Friday, February 17, 2012

The Only Way To Count Grace

Grace is a tough topic to sell. We all love it for ourselves, but find it difficult to accept for others. We know we deserve it (Wrong!) and they don't (just as Wrong!). None of us deserve it- or else it wouldn't be grace.

The Internet Monk has been having a Jubilee Week this week, which is another way of saying a week celebrating the craziness of grace. Here's how it started last Saturday:

Peter W. Marty once wrote, “In a memorable Dennis the Menace cartoon, Dennis and his friend Joey are leaving Mrs. Wilson’s house loaded up with a plate full of cookies. Joey turns to Dennis and says, ‘I wonder what we did to deserve this.’ Dennis is quick to reply, ‘Look Joey, Mrs. Wilson gives us cookies not because we’re nice, but because she’s nice.’ So goes the arithmetic of grace.” (The World of Grace)
Dennis’ sentiment captures what I have always loved about the sentence from Deuteronomy 7 cited [below], though I have not meditated on it or internalized nearly enough. If you take out all the intervening clauses in the verse and boil down what God is saying to Israel, what you have is, “I love you…because I love you.” It’s as simple, and profound, as that.
It’s not because we’re nice. He loves us because he loves us. Period. It’s who God is that makes the difference in matters of love, grace, and choice.
And who is he? A remarkably indiscriminate lover! After all, he loves you and me.
--Link
People are afraid of talking about grace and forgiveness. If we were to preach too much grace, why, you never know what people will do. They might get the idea that they can go out and sin and then be forgiven. They might think that God is NOT a punishing God and therefore lose their fear and won't be as good.

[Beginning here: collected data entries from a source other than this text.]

(* Let $H$ be a connected graph with $k=|V(H)|>1$ vertices that does not contain two true twins or does not contain two false twins. Then for every $p\in[0,1)$ there is no deterministic algorithm solving the Delayed Connected $H$-Node-Deletion Problem with predictions that has both consistency less than $k-\frac{1}{2-p}(k-1)$ and robustness less than $k+\frac{p}{1-p}$.
   Context: All graphs are finite, simple and undirected. Two distinct vertices are false twins if they have the same open neighborhood, and true twins if they have the same closed neighborhood $N[v]=N(v)\cup\{v\}$. An induced copy of $H$ in $G$ is an induced subgraph isomorphic to $H$; $G$ is $H$-free if it has none. An online graph $G$ has vertices $v_1,\dots,v_n$ revealed one at a time; $G_t=G[\{v_1,\dots,v_t\}]$. Delayed Connected $H$-Node-Deletion Problem with predictions (fixed connected $H$): when $v_t$ is revealed the algorithm receives a bit $u_t(G)\in\{0,1\}$; it must choose sets $S_1\subseteq\dots\subseteq S_n$ with $S_t\subseteq V(G_t)$ and $G_t-S_t$ $H$-free for each $t$, where $S_t$ depends only on $G_t$ and $u_1(G),\dots,u_t(G)$; the cost is $|S_n|$. $\mathrm{OPT}(G)$ is the minimum size of $S\subseteq V(G)$ with $G-S$ $H$-free. The advice is correct if the set of vertices with bit $1$ is a minimum-size such set. An algorithm is $(r,w)$-competitive if there is a constant $\alpha\ge0$ such that for every online graph $G$: for some correct advice its cost is at most $r\cdot\mathrm{OPT}(G)+\alpha$, and for every advice (correct or not) its cost is at most $w\cdot\mathrm{OPT}(G)+\alpha$. Consistency (resp. robustness) is the infimum of such $r$ (resp. $w$). *)

From mathcomp Require Import all_boot.
From Stdlib Require Import Reals.

Set Implicit Arguments.
Unset Strict Implicit.
Unset Printing Implicit Defensive.

Definition true_twins (T : finType) (e : rel T) (u v : T) : Prop :=
  u <> v /\ forall z : T, (z == u) || e u z = (z == v) || e v z.

Definition false_twins (T : finType) (e : rel T) (u v : T) : Prop :=
  u <> v /\ forall z : T, e u z = e v z.

(* Online graphs: vertices v_1,...,v_n are represented by 0,...,n-1 in
   reveal order; adj is the (simple, undirected) adjacency relation.
   Only its restriction to {0..n-1} matters. *)
Definition simple_adj (adj : nat -> nat -> bool) : Prop :=
  (forall i j, adj i j = adj j i) /\ (forall i, adj i i = false).

Definition H_free (T : finType) (e : rel T)
    (adj : nat -> nat -> bool) (P : nat -> bool) : Prop :=
  ~ exists f : T -> nat,
      injective f /\ (forall x, P (f x)) /\
      (forall x y, x <> y -> e x y = adj (f x) (f y)).

Definition trunc_rel (t : nat) (adj : nat -> nat -> bool) : nat -> nat -> bool :=
  fun i j => [&& i < t, j < t & adj i j].
Definition trunc_pred (t : nat) (u : nat -> bool) : nat -> bool :=
  fun i => (i < t) && u i.

(* A deterministic online algorithm: at time t it is given (only) G_t and
   u_1,...,u_t and outputs the set S_t (as a predicate on vertices). *)
Definition algorithm := nat -> (nat -> nat -> bool) -> (nat -> bool) -> (nat -> bool).

Definition alg_out (A : algorithm) (t : nat) (adj : nat -> nat -> bool)
    (u : nat -> bool) : nat -> bool :=
  A t (trunc_rel t adj) (trunc_pred t u).

Definition valid_alg (T : finType) (e : rel T) (A : algorithm) : Prop :=
  forall (adj : nat -> nat -> bool) (u : nat -> bool), simple_adj adj ->
  forall t, 1 <= t ->
    (forall i, alg_out A t adj u i -> i < t) /\
    (forall i, alg_out A t adj u i -> alg_out A t.+1 adj u i) /\
    H_free e (trunc_rel t adj) (fun i => (i < t) && ~~ alg_out A t adj u i).

Definition cost (A : algorithm) (n : nat) (adj : nat -> nat -> bool)
    (u : nat -> bool) : nat :=
  count (alg_out A n adj u) (iota 0 n).

Definition deletion_set (T : finType) (e : rel T) (n : nat)
    (adj : nat -> nat -> bool) (S : nat -> bool) : Prop :=
  H_free e (trunc_rel n adj) (fun i => (i < n) && ~~ S i).

Definition is_opt (T : finType) (e : rel T) (n : nat)
    (adj : nat -> nat -> bool) (m : nat) : Prop :=
  (exists S, deletion_set e n adj S /\ count S (iota 0 n) = m) /\
  (forall S, deletion_set e n adj S -> m <= count S (iota 0 n)).

Definition correct_advice (T : finType) (e : rel T) (n : nat)
    (adj : nat -> nat -> bool) (u : nat -> bool) : Prop :=
  deletion_set e n adj u /\ is_opt e n adj (count u (iota 0 n)).

Definition competitive (T : finType) (e : rel T) (A : algorithm) (r w : R) : Prop :=
  exists alpha : R, (0 <= alpha)%R /\
  forall (n : nat) (adj : nat -> nat -> bool), simple_adj adj ->
  forall m, is_opt e n adj m ->
    (exists u, correct_advice e n adj u /\
       (INR (cost A n adj u) <= r * INR m + alpha)%R) /\
    (forall u, (INR (cost A n adj u) <= w * INR m + alpha)%R).

(* Blow up every vertex of H into an independent set (if H has no false
   twins) or a clique (if H has no true twins).  An induced subgraph of the
   blow-up is H-free exactly when some class of copies is entirely deleted, so
   OPT is the size of a smallest class.  The adversary first shows one copy of
   each vertex of H and then always a copy of a vertex whose class the
   algorithm has entirely deleted; surviving vertices therefore copy distinct
   vertices of H, and after t steps the cost is at least t - k.  The advice
   marks the copies of a fixed x0.  Robustness bounds the cost by w m, m the
   smallest class size; padding the other classes until that of x0 is the
   unique smallest one makes this advice the only correct one, and the
   algorithm cannot foresee the padding, so consistency bounds the cost by
   r a, a the size of the class of x0.  As a + (k - 1) m <= t, letting t grow
   forces (r - 1) (w - k + 1) >= k - 1, which the bounds on r and w exclude. *)

From mathcomp Require Import all_boot.
From Stdlib Require Import Reals FunctionalExtensionality Lra Psatz.

Set Implicit Arguments.
Unset Strict Implicit.
Unset Printing Implicit Defensive.

Section Blowup.
Variables (T : finType) (e : rel T) (tw : bool).

Definition twins_of : T -> T -> Prop := if tw then true_twins e else false_twins e.

(* Vertex [i] is a copy of [c i]; copies of one vertex of [H] are pairwise
   adjacent if [tw] and pairwise non-adjacent otherwise. *)
Definition blowup (c : nat -> T) : nat -> nat -> bool :=
  fun i j => (i != j) && (e (c i) (c j) || tw && (c i == c j)).

Definition color_class (c : nat -> T) (n : nat) (x : T) : seq nat :=
  [seq i <- iota 0 n | c i == x].

Lemma blowup_simple c : symmetric e -> simple_adj (blowup c).
Proof.
move=> e_sym; split=> [i j|i]; rewrite /blowup ?eqxx //.
by rewrite eq_sym e_sym [c j == c i]eq_sym.
Qed.

Lemma mem_color_class c n x i : (i \in color_class c n x) = (c i == x) && (i < n).
Proof. by rewrite mem_filter mem_iota add0n. Qed.

Lemma color_class_uniq c n x : uniq (color_class c n x).
Proof. exact/filter_uniq/iota_uniq. Qed.

Lemma color_class_deleted_count c n S x :
  all S (color_class c n x) -> size (color_class c n x) <= count S (iota 0 n).
Proof.
move=> /allP delx; rewrite -size_filter uniq_leq_size ?color_class_uniq // => i ix.
by rewrite mem_filter delx // mem_iota; move: ix; rewrite mem_color_class => /andP[].
Qed.

Lemma sum_color_class_size c n : \sum_(x : T) size (color_class c n x) = n.
Proof.
rewrite /color_class -[RHS](size_iota 0); elim: (iota 0 n) => [|i s IH] /=.
  by rewrite big1.
rewrite -IH (bigD1 (c i)) //= eqxx [in RHS](bigD1 (c i)) //= addSn; congr (_.+1 + _).
by apply: eq_bigr => x /negbTE; rewrite eq_sym => ->.
Qed.

Lemma pad_color_classes c t x : exists n c',
  [/\ t <= n, forall i, i < t -> c' i = c i,
      size (color_class c' n x) = size (color_class c t x) &
      forall y, y != x -> size (color_class c' n x) < size (color_class c' n y)].
Proof.
set a := size (color_class c t x).
set l := flatten (nseq a.+1 [seq y <- enum T | y != x]).
pose c' i := if i < t then c i else nth x l (i - t).
have count_l y : count (pred1 y) l = (y != x) * a.+1.
  rewrite count_flatten map_nseq sumn_nseq count_uniq_mem ?filter_uniq ?enum_uniq //.
    by rewrite mem_filter mem_enum andbT.
  by rewrite -enumT enum_uniq.
have size_c' y : size (color_class c' (t + size l) y)
                 = size (color_class c t y) + (y != x) * a.+1.
  rewrite /color_class !size_filter iotaD count_cat -count_l add0n; congr (_ + _).
    by apply: eq_in_count => i; rewrite mem_iota /c' /= => ->.
  rewrite -[in RHS](mkseq_nth x l) /mkseq count_map -[t]addn0 iotaDl count_map.
  by apply: eq_count => j; rewrite /c' /= ltnNge leq_addr addKn.
exists (t + size l), c'; split.
- exact: leq_addr.
- by move=> i it; rewrite /c' it.
- by rewrite size_c' eqxx addn0.
- by move=> y yx; rewrite !size_c' eqxx yx addn0 mul1n ltn_addl.
Qed.

Hypotheses (e_irr : irreflexive e) (no_twins : forall y z, ~ twins_of y z).

Lemma blowup_embedding_twins c n f y z :
  (forall x, f x < n) -> injective f ->
  (forall x x', x <> x' -> e x x' = trunc_rel n (blowup c) (f x) (f x')) ->
  y <> z -> c (f y) = c (f z) -> twins_of y z.
Proof.
move=> f_lt f_inj f_emb y_z cfyz.
have emb x x' : x <> x' -> e x x' = e (c (f x)) (c (f x')) || tw && (c (f x) == c (f x')).
  move=> x_x'; rewrite f_emb // /trunc_rel /blowup !f_lt.
  by have -> : f x != f x' by apply/eqP => /f_inj.
have eyz : e y z = tw by rewrite emb // cfyz eqxx e_irr andbT.
have ezy : e z y = tw by rewrite (emb z y (nesym y_z)) cfyz eqxx e_irr andbT.
rewrite /twins_of; case: tw emb eyz ezy => emb eyz ezy; split=> // w.
- case: (eqVneq w y) => [->|/eqP w_y]; first by rewrite ezy orbT.
  case: (eqVneq w z) => [->|/eqP w_z]; first by rewrite eyz.
  by rewrite (emb y w (nesym w_y)) (emb z w (nesym w_z)) cfyz.
- case: (eqVneq w y) => [->|/eqP w_y]; first by rewrite ezy e_irr.
  case: (eqVneq w z) => [->|/eqP w_z]; first by rewrite eyz e_irr.
  by rewrite (emb y w (nesym w_y)) (emb z w (nesym w_z)) cfyz.
Qed.

Lemma blowup_deletion_setP c n S :
  deletion_set e n (blowup c) S <-> exists x, all S (color_class c n x).
Proof.
split=> [Hfree|[x delx] [f [f_inj [f_P f_emb]]]].
  apply/existsP; apply: contraT => /existsPn none; exfalso; apply: Hfree.
  have /fin_all_exists[f f_class] x : exists i, (i \in color_class c n x) && ~~ S i.
    by have /allPn[i ix Si] := none x; exists i; rewrite ix.
  have {}f_class x : [/\ c (f x) = x, f x < n & ~~ S (f x)].
    by have /andP[] := f_class x; rewrite mem_color_class => /andP[/eqP -> ->] ->.
  exists f; split; [|split].
  - by move=> x y fxy; have [<- _ _] := f_class x; rewrite fxy; have [-> _ _] := f_class y.
  - by move=> x; have [_ -> ->] := f_class x.
  - move=> x y x_y; have [cx nx _] := f_class x; have [cy ny _] := f_class y.
    rewrite /trunc_rel /blowup nx ny cx cy (_ : (x == y) = false) ?andbF ?orbF.
      by rewrite (_ : f x != f y) //; apply/eqP => fxy; apply: x_y; rewrite -cx -cy fxy.
    exact/eqP.
have f_lt y : f y < n by have /andP[] := f_P y.
case: (boolP (injectiveb (c \o f))) => [/injectiveP cf_inj|/injectivePn[y [z yz cfyz]]].
  have [g _ gK] := injF_bij cf_inj.
  have /andP[_ /negP] := f_P (g x); apply; apply: (allP delx).
  by rewrite mem_color_class f_lt andbT; apply/eqP/gK.
have {}yz : y <> z by apply/eqP.
by case: (no_twins (blowup_embedding_twins f_lt f_inj f_emb yz cfyz)).
Qed.

Lemma color_class_deletion_set c n x : deletion_set e n (blowup c) (fun i => c i == x).
Proof.
apply/blowup_deletion_setP; exists x.
by apply/allP => i; rewrite mem_color_class => /andP[].
Qed.

Lemma blowup_is_opt c n x :
  (forall y, size (color_class c n x) <= size (color_class c n y)) ->
  is_opt e n (blowup c) (size (color_class c n x)).
Proof.
move=> x_min; split.
  exists (fun i => c i == x).
  by split; [apply: color_class_deletion_set|rewrite size_filter].
move=> S /blowup_deletion_setP[y dely].
exact: leq_trans (x_min y) (color_class_deleted_count dely).
Qed.

Lemma blowup_correct_advice c n x u :
  (forall y, y != x -> size (color_class c n x) < size (color_class c n y)) ->
  correct_advice e n (blowup c) u -> forall i, i < n -> u i = (c i == x).
Proof.
move=> x_min [del_u [_ u_opt]] i i_n.
have u_le : count u (iota 0 n) <= size (color_class c n x).
  by rewrite size_filter; apply: u_opt; apply: color_class_deletion_set.
have [y dely] := (blowup_deletion_setP c n u).1 del_u.
have u_ge := color_class_deleted_count dely.
have yx : y = x.
  apply/eqP; apply: contraT => /x_min x_lt.
  by have := leq_trans x_lt (leq_trans u_ge u_le); rewrite ltnn.
subst y; have sub_u : {subset color_class c n x <= filter u (iota 0 n)}.
  move=> j jx; rewrite mem_filter (allP dely) // mem_iota.
  by move: jx; rewrite mem_color_class => /andP[].
have size_u : size (filter u (iota 0 n)) <= size (color_class c n x) by rewrite size_filter.
have [_ /(_ i)] := uniq_min_size (color_class_uniq c n x) sub_u size_u.
by rewrite mem_color_class mem_filter mem_iota i_n /= !andbT.
Qed.
End Blowup.

Lemma color_class_size_lower_sum (T : finType) (c : nat -> T) n m x :
  (forall y, m <= size (color_class c n y)) ->
  size (color_class c n x) + #|T|.-1 * m <= n.
Proof.
move=> m_min; rewrite -[n in _ <= n](sum_color_class_size c) (bigD1 x) //= leq_add2l.
by rewrite -(cardC1 x) -sum_nat_const; apply: leq_sum => y _.
Qed.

Well, I don't know how you see it, but I look around and see that all that fear stuff and a punishing, vengeful God has not only not stopped sin and evil, it has given people the belief that THEY are the instruments of that vengeance.

Grace. Thank God for it.
The LORD did not set His love on you nor choose you because you were more in number than any of the peoples, for you were the fewest of all peoples, but because the LORD loved you and kept the oath which He swore to your forefathers, the LORD brought you out by a mighty hand and redeemed you from the house of slavery, from the hand of Pharaoh king of Egypt.